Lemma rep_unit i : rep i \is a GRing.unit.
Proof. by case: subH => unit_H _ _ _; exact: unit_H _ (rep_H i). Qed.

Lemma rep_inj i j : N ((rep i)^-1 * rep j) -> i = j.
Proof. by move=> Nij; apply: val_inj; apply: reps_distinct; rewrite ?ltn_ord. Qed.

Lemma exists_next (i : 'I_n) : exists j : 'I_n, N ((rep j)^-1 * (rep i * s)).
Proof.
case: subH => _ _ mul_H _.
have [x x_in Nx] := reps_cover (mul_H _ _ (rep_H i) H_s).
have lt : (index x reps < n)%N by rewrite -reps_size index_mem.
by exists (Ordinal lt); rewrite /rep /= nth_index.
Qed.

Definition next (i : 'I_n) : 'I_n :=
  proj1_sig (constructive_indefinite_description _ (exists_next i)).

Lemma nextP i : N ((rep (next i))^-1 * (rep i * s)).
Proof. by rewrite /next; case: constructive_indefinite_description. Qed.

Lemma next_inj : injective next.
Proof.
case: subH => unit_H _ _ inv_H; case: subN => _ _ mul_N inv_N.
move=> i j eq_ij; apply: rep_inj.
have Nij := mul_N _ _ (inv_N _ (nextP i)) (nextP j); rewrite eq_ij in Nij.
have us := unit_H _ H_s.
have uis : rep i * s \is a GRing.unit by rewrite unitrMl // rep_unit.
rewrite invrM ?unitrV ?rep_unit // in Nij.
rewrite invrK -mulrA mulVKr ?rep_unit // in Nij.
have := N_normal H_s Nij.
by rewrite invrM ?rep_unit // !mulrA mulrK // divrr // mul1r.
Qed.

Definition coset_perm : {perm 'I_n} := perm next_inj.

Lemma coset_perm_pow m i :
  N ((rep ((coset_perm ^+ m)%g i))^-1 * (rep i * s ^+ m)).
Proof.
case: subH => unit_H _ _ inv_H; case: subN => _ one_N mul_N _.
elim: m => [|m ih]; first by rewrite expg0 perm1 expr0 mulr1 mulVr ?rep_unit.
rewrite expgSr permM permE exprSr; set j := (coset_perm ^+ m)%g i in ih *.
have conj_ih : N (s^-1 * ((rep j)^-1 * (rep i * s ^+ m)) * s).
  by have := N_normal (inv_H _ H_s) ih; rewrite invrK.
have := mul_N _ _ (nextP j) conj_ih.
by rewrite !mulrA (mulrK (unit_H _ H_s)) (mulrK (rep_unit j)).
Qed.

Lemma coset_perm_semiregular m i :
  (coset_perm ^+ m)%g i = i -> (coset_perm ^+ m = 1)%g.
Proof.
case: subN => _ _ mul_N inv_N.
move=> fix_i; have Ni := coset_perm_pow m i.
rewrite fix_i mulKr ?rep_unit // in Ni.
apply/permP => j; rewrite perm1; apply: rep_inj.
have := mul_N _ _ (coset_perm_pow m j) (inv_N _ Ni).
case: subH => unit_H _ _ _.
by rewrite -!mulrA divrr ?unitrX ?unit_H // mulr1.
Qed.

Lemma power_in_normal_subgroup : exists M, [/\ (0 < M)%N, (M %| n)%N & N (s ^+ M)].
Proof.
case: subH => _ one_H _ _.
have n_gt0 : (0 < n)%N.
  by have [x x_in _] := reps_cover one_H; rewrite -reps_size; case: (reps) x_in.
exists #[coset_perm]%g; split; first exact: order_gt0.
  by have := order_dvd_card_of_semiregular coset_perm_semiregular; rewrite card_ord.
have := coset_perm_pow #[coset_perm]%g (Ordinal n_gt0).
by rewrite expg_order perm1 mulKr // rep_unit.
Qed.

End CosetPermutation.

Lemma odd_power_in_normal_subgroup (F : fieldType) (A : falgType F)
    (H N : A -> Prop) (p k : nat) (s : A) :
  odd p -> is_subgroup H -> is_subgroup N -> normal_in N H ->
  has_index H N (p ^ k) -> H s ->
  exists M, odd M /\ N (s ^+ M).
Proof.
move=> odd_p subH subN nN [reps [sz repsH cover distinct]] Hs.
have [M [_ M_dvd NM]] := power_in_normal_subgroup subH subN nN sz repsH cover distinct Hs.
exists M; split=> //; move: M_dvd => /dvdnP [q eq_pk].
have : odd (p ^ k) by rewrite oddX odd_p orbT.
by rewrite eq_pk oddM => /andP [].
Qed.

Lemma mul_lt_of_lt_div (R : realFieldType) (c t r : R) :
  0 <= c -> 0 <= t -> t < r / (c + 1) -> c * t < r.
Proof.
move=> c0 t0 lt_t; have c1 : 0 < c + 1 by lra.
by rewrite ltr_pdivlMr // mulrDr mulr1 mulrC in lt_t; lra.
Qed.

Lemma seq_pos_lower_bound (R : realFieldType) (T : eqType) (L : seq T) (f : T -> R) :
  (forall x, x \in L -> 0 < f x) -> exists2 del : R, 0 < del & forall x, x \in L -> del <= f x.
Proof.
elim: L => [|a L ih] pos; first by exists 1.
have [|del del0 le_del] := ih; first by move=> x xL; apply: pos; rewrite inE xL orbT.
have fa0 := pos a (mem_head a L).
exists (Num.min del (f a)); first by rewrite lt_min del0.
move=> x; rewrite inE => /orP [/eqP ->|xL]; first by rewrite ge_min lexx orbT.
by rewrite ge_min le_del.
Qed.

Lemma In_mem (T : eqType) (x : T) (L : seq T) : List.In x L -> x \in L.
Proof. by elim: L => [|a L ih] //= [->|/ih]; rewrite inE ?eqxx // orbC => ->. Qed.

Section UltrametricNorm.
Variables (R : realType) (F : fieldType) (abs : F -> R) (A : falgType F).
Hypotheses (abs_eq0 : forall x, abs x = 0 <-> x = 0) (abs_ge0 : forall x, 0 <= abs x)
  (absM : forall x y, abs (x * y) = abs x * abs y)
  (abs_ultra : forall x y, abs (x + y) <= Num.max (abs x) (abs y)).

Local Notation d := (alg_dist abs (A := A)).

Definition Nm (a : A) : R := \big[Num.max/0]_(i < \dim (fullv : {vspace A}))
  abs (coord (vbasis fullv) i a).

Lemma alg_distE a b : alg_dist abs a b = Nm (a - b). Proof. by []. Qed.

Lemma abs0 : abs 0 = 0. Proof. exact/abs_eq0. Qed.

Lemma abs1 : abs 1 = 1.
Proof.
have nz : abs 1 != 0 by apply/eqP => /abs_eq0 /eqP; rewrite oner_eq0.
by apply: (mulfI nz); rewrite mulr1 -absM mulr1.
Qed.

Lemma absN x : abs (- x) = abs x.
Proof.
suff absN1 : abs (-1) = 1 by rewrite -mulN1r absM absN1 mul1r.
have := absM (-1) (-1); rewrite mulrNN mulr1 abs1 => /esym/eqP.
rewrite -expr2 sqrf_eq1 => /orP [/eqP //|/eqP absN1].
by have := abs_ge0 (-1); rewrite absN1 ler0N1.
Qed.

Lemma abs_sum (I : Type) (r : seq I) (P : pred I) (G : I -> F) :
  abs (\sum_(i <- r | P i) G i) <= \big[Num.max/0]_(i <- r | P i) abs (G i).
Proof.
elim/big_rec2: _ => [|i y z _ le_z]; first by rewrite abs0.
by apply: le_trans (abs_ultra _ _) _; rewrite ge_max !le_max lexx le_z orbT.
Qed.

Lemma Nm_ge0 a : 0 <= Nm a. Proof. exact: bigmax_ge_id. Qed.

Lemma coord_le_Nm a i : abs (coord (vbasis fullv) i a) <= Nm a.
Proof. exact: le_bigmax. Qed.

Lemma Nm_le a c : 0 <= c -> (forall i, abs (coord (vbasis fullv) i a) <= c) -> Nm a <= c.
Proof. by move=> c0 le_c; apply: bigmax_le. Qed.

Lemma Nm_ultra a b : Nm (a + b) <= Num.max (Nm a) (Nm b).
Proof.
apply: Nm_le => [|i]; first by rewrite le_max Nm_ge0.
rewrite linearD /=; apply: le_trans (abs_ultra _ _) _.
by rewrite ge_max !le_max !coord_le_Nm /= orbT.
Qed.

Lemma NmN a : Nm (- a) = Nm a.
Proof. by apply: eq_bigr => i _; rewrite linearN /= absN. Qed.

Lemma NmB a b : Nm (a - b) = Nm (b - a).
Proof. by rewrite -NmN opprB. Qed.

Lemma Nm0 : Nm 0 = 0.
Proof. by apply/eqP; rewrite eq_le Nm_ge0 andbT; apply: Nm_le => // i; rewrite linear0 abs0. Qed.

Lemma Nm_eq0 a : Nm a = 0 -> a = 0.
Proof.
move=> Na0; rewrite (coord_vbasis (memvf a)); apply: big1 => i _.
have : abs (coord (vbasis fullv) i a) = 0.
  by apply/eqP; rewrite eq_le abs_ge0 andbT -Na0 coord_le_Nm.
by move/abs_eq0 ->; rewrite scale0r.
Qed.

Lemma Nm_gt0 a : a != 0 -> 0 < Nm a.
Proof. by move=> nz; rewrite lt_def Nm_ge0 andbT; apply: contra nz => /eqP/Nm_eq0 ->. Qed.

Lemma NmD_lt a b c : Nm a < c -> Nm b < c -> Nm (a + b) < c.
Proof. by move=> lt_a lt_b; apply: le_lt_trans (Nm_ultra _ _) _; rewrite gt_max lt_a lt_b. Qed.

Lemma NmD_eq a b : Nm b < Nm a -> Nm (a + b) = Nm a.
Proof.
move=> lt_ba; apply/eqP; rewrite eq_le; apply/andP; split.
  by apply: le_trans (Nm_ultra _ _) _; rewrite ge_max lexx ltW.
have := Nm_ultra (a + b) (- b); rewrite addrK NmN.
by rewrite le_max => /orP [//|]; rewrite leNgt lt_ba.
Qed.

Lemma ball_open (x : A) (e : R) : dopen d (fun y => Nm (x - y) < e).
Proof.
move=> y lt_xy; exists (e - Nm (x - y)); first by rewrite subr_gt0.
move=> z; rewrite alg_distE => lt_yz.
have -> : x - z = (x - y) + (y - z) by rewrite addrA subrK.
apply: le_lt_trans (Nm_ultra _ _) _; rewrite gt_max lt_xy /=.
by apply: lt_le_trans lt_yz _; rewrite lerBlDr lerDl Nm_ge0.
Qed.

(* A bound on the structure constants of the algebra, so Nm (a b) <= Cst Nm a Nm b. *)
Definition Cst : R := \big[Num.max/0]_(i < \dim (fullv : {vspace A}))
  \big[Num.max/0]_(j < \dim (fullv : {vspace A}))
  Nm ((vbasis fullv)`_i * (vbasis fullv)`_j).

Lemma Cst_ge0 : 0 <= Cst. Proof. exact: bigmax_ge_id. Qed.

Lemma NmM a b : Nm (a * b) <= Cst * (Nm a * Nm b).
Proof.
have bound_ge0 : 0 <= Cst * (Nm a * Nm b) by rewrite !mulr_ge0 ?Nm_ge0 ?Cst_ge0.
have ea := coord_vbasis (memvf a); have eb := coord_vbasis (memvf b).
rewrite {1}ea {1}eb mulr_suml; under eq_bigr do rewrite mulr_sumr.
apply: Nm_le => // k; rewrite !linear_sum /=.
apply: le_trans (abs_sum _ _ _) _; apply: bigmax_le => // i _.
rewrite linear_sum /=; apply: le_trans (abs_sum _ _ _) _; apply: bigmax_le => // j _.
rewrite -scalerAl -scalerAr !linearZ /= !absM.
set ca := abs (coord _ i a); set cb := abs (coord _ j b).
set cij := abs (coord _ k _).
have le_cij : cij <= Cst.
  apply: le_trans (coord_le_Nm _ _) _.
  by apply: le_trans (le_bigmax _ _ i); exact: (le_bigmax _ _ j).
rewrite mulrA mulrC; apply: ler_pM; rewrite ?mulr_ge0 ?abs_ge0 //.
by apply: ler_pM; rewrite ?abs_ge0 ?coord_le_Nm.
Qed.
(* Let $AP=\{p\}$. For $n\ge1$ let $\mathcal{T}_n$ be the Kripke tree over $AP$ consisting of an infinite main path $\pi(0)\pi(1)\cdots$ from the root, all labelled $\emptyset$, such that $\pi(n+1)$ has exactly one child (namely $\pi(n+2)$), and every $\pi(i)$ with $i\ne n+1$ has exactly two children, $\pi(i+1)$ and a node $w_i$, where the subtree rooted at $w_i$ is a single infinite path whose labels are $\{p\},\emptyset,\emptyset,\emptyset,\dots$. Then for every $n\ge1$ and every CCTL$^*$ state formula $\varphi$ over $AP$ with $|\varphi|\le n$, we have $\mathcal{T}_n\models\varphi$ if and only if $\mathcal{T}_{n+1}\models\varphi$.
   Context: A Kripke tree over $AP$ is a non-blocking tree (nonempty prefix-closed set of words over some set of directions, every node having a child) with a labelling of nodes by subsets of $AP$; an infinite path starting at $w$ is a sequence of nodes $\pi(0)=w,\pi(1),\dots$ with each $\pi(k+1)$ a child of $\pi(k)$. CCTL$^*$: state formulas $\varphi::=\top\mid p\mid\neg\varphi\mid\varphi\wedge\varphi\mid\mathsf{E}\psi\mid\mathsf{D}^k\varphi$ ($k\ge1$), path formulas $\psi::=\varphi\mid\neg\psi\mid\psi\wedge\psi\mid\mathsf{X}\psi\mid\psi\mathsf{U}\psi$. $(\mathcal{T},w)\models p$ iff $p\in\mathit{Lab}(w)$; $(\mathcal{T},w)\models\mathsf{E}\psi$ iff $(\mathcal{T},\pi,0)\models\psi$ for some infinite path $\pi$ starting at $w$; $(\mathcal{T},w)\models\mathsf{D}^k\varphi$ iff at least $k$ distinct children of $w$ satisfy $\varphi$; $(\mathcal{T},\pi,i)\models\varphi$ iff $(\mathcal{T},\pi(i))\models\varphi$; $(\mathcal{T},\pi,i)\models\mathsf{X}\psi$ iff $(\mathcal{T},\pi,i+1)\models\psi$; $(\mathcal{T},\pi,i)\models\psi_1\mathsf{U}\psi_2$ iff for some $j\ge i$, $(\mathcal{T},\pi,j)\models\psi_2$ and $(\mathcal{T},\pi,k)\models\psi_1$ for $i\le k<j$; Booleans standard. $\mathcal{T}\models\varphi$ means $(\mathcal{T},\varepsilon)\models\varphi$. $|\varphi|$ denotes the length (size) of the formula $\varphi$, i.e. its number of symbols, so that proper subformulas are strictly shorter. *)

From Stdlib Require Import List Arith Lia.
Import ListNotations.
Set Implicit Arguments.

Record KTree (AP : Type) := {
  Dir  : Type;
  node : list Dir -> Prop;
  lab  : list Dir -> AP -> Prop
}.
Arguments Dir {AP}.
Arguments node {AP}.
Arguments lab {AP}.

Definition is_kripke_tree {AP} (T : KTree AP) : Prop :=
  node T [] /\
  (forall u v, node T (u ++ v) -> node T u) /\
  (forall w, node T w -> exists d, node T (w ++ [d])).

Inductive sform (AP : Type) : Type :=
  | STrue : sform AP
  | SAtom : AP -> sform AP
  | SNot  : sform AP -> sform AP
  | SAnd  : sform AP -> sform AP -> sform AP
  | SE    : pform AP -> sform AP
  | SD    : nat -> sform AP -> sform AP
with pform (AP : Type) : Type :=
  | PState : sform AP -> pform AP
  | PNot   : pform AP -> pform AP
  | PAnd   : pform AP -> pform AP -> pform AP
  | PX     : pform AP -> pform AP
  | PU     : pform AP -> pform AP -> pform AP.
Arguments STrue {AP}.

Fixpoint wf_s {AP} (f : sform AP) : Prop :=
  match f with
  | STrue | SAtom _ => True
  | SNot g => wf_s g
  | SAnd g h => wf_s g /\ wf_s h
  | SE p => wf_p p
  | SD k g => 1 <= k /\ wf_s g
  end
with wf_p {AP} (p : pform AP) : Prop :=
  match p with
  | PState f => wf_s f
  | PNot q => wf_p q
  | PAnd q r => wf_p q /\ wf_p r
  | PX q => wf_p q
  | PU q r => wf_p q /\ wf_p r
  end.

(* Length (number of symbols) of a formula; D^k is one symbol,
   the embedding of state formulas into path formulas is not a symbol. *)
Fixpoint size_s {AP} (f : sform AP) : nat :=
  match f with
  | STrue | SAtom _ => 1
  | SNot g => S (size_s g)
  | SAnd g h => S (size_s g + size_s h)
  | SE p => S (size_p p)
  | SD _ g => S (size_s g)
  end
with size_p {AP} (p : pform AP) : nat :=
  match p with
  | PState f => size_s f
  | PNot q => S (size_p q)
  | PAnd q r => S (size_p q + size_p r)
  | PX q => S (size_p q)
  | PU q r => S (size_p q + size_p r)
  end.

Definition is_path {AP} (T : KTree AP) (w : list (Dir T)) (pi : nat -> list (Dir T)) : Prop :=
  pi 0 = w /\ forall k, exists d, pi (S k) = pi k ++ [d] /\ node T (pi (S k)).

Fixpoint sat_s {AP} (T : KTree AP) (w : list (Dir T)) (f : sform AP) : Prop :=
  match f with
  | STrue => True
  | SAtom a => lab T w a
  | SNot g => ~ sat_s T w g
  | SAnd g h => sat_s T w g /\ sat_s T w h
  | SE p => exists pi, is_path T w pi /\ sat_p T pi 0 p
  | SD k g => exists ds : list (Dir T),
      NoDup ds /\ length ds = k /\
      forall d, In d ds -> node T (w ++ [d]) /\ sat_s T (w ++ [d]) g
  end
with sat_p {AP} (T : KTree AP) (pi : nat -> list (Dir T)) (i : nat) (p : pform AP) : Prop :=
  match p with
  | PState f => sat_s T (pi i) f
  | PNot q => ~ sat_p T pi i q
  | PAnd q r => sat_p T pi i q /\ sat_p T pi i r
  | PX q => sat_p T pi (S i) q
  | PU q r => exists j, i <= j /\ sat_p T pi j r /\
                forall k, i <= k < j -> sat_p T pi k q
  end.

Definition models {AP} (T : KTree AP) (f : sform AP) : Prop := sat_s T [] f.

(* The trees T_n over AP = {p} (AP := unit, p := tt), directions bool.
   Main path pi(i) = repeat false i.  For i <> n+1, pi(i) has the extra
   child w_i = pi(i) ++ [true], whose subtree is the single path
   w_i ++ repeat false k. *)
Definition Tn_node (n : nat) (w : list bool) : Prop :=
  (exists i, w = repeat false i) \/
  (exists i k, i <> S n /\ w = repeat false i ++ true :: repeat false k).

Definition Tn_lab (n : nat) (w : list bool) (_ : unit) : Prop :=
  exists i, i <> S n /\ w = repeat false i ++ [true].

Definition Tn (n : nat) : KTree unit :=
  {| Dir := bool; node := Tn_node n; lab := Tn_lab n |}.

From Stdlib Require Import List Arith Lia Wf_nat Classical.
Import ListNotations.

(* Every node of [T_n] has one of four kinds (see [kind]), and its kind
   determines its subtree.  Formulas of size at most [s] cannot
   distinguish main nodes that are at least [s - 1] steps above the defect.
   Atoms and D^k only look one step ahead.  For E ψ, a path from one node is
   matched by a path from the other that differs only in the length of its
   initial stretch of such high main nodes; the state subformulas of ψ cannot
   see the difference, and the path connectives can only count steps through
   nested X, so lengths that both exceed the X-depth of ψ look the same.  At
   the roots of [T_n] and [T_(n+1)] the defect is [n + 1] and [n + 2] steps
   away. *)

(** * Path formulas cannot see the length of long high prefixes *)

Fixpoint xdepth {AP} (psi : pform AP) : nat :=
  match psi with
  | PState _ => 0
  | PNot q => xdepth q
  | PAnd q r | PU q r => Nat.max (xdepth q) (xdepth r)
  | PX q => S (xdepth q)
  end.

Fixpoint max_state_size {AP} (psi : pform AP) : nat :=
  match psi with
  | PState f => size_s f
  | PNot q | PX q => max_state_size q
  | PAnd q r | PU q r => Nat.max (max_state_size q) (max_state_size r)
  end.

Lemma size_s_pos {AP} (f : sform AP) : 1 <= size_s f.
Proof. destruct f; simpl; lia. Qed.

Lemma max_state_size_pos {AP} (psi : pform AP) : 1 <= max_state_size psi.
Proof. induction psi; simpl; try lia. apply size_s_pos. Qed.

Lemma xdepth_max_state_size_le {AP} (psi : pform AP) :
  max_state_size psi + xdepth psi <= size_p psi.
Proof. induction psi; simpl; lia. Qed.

══════════════════════════════

> Description of the task: Please copy every line in the entries where "Arguments" appears.

> Reply to the task:
Set Implicit Arguments.
Arguments Dir {AP}.
Arguments node {AP}.
Arguments lab {AP}.
Arguments STrue {AP}.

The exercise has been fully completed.